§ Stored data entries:
•••
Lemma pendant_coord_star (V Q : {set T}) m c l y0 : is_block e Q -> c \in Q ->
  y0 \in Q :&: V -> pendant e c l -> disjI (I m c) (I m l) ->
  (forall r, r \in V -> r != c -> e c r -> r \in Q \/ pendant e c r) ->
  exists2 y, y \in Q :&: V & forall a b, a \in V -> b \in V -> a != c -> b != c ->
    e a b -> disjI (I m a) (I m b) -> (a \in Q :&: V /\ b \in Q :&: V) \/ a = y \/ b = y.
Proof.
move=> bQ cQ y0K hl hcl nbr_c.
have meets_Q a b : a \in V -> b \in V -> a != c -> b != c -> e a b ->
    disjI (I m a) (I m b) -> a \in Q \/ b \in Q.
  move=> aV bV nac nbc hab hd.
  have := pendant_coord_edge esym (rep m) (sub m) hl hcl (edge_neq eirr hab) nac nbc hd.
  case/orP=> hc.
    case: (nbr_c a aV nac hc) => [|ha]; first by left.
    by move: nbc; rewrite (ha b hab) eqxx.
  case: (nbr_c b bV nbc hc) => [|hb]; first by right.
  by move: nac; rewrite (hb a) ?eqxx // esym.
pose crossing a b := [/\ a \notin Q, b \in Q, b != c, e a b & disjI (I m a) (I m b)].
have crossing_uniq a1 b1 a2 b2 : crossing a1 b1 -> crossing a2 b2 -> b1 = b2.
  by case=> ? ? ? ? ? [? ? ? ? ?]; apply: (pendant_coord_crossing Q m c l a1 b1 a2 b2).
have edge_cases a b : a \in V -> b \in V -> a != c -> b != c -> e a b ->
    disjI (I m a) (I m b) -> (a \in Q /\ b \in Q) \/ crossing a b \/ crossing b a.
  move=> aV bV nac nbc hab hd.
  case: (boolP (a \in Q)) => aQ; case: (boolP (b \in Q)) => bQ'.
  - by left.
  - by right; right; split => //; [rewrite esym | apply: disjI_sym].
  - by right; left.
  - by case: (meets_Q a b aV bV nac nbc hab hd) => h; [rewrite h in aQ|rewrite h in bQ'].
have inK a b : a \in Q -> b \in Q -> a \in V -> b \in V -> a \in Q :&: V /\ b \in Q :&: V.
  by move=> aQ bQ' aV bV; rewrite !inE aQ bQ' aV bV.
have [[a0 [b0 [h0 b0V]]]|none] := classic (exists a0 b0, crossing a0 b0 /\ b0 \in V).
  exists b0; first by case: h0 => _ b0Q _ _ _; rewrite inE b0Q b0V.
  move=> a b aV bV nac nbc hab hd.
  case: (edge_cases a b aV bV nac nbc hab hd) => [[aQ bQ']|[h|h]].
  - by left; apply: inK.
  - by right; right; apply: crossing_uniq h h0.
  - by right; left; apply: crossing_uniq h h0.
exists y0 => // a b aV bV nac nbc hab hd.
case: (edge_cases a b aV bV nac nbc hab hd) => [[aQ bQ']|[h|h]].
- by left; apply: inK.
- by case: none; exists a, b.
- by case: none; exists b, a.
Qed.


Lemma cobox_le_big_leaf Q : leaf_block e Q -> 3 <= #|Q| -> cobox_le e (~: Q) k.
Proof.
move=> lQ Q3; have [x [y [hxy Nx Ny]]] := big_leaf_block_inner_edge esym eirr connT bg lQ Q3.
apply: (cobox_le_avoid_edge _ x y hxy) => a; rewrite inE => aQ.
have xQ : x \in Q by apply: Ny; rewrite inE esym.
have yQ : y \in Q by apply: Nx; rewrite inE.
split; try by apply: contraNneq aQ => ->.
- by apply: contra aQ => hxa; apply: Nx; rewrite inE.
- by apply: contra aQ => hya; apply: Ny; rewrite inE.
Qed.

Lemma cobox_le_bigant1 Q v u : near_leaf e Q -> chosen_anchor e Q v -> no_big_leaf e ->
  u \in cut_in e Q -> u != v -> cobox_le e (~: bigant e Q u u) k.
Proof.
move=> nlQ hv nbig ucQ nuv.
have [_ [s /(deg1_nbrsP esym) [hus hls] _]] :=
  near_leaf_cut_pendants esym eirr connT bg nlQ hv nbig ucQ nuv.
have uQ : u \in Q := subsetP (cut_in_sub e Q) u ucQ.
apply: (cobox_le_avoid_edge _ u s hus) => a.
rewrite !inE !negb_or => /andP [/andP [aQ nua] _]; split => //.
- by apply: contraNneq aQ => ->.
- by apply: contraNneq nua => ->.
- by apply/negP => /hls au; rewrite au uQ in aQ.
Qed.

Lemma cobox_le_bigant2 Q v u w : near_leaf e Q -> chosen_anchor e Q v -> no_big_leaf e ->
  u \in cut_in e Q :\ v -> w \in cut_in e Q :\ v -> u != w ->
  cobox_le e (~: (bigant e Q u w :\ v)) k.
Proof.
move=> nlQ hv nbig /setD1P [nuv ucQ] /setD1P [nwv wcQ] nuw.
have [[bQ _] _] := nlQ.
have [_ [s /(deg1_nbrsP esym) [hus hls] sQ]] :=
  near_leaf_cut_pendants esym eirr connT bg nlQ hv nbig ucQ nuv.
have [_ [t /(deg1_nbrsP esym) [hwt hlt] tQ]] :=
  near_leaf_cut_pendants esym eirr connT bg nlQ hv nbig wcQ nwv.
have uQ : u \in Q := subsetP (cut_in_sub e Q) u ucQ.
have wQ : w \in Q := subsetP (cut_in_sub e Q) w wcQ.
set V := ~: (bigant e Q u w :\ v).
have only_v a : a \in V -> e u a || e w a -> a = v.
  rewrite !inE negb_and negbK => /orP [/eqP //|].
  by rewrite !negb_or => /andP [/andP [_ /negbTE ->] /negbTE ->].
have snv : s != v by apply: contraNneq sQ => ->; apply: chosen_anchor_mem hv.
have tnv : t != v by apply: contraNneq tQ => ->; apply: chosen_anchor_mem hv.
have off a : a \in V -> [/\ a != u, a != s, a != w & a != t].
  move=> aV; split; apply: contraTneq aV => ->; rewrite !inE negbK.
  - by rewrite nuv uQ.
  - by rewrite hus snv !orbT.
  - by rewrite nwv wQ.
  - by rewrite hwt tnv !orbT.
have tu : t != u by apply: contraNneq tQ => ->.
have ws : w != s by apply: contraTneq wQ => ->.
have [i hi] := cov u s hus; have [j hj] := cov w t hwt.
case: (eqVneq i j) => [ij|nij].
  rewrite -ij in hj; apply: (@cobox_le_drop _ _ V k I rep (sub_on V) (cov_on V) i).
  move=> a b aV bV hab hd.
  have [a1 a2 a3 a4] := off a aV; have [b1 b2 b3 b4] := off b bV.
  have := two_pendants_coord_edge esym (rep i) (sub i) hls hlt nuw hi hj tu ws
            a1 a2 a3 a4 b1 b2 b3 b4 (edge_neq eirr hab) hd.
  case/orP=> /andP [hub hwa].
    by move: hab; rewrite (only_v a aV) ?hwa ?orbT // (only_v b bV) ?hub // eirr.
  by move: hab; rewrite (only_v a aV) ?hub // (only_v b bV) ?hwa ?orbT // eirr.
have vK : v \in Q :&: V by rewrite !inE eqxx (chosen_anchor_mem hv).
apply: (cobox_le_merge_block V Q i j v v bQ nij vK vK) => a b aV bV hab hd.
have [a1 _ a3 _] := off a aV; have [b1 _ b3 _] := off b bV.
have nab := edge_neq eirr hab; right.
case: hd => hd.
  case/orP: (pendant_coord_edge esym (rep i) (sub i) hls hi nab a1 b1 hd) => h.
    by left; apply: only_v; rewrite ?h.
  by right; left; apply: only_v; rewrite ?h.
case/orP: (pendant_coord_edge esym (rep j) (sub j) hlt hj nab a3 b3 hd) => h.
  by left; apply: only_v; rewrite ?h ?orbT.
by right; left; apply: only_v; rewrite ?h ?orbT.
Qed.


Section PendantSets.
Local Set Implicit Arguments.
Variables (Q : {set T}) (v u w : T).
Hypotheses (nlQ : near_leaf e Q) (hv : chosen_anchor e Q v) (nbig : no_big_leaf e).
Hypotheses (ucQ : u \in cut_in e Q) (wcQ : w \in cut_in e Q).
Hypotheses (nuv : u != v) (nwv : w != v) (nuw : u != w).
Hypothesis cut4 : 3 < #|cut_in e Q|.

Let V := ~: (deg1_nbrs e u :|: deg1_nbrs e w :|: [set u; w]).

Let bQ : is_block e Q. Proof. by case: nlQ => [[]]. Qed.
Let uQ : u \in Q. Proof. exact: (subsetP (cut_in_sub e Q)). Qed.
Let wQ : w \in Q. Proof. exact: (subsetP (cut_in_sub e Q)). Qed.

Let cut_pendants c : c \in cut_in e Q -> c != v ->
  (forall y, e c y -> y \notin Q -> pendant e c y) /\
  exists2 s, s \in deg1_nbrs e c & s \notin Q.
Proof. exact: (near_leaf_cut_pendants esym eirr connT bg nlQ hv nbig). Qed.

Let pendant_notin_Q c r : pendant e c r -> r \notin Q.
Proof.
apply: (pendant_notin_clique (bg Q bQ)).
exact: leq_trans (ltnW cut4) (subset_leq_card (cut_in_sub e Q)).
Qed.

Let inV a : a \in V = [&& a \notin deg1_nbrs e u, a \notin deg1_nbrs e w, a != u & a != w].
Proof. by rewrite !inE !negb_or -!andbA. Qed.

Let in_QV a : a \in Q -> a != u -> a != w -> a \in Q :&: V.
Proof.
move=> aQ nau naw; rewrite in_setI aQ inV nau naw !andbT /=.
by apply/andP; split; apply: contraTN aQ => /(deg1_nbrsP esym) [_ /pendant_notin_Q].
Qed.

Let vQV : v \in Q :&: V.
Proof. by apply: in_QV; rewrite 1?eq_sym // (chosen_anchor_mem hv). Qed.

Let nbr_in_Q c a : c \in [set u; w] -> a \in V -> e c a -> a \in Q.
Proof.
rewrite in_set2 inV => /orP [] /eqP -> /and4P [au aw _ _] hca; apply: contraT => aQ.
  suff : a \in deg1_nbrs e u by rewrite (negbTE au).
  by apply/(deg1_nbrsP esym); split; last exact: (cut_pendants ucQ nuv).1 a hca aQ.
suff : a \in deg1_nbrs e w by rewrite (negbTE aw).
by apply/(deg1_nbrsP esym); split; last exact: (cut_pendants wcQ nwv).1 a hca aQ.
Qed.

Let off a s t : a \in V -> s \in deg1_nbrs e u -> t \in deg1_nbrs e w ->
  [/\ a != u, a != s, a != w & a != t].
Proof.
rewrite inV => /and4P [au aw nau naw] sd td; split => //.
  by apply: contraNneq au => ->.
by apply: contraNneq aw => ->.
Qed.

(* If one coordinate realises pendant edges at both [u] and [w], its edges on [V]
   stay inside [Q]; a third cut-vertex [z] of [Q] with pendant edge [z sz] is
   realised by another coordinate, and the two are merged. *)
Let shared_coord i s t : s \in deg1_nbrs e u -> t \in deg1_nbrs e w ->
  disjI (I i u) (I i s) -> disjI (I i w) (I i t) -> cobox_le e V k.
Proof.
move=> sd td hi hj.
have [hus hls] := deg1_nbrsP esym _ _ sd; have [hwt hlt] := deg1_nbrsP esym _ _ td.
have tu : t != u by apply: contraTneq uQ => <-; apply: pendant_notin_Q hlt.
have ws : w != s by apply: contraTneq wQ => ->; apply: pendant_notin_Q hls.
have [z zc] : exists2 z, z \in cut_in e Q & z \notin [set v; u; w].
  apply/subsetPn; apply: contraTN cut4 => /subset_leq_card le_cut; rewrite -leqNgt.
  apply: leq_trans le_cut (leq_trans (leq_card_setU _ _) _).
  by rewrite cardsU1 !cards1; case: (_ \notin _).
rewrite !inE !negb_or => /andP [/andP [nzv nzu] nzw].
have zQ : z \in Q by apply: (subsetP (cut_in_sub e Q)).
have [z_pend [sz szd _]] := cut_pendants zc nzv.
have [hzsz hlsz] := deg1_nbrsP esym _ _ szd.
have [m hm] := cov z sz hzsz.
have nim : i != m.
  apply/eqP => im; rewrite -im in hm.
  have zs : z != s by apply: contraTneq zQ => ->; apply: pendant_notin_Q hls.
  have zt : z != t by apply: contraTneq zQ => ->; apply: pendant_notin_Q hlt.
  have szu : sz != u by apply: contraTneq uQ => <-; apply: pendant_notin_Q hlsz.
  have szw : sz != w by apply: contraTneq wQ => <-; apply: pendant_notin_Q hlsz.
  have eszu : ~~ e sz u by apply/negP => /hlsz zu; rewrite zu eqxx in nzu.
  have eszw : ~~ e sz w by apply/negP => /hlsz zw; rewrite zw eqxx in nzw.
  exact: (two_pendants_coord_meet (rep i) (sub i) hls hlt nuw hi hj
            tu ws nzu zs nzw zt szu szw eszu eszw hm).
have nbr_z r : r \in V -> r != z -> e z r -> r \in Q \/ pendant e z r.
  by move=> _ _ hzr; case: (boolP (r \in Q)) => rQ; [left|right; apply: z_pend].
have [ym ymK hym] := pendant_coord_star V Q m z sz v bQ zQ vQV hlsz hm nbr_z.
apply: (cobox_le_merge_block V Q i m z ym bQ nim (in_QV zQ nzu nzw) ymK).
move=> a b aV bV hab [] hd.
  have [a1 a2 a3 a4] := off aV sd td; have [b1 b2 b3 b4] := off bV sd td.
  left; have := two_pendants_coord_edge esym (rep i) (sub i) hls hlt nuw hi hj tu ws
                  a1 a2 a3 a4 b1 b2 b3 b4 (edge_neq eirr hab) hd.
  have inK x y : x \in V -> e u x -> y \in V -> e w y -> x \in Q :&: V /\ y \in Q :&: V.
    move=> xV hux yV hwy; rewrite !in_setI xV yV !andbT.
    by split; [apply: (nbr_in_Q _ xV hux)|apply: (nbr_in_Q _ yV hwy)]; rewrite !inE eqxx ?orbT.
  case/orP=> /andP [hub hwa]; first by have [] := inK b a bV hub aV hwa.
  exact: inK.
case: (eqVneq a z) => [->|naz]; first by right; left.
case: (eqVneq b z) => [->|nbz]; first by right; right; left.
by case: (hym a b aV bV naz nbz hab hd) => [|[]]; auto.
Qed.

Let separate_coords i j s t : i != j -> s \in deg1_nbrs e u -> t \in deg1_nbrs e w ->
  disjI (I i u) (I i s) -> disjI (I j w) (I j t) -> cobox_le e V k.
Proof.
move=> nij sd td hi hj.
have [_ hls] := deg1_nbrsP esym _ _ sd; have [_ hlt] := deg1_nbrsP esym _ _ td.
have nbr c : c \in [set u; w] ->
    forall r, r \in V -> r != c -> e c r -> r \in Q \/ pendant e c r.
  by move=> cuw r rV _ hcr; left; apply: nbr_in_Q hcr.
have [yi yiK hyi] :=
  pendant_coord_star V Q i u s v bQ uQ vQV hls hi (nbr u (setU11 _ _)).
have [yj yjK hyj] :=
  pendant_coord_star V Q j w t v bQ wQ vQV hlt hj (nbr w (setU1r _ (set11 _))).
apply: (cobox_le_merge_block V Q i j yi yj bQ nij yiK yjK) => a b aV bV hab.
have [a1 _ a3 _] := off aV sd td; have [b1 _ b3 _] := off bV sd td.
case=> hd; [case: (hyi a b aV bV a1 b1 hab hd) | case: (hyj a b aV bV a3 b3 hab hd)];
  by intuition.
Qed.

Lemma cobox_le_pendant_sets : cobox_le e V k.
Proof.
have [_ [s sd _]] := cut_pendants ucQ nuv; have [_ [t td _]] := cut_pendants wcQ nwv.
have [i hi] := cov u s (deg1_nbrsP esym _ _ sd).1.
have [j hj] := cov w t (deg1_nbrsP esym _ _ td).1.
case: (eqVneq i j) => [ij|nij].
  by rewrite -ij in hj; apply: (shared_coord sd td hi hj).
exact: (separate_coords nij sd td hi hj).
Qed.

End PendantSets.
•••
Above this instruction are the records; retype exactly the lines from the one containing "have edge_cases a" up to and including the one containing "have [[a0 [b0".

have edge_cases a b : a \in V -> b \in V -> a != c -> b != c -> e a b ->
    disjI (I m a) (I m b) -> (a \in Q /\ b \in Q) \/ crossing a b \/ crossing b a.
  move=> aV bV nac nbc hab hd.
  case: (boolP (a \in Q)) => aQ; case: (boolP (b \in Q)) => bQ'.
  - by left.
  - by right; right; split => //; [rewrite esym | apply: disjI_sym].
  - by right; left.
  - by case: (meets_Q a b aV bV nac nbc hab hd) => h; [rewrite h in aQ|rewrite h in bQ'].
have inK a b : a \in Q -> b \in Q -> a \in V -> b \in V -> a \in Q :&: V /\ b \in Q :&: V.
  by move=> aQ bQ' aV bV; rewrite !inE aQ bQ' aV bV.
have [[a0 [b0 [h0 b0V]]]|none] := classic (exists a0 b0, crossing a0 b0 /\ b0 \in V).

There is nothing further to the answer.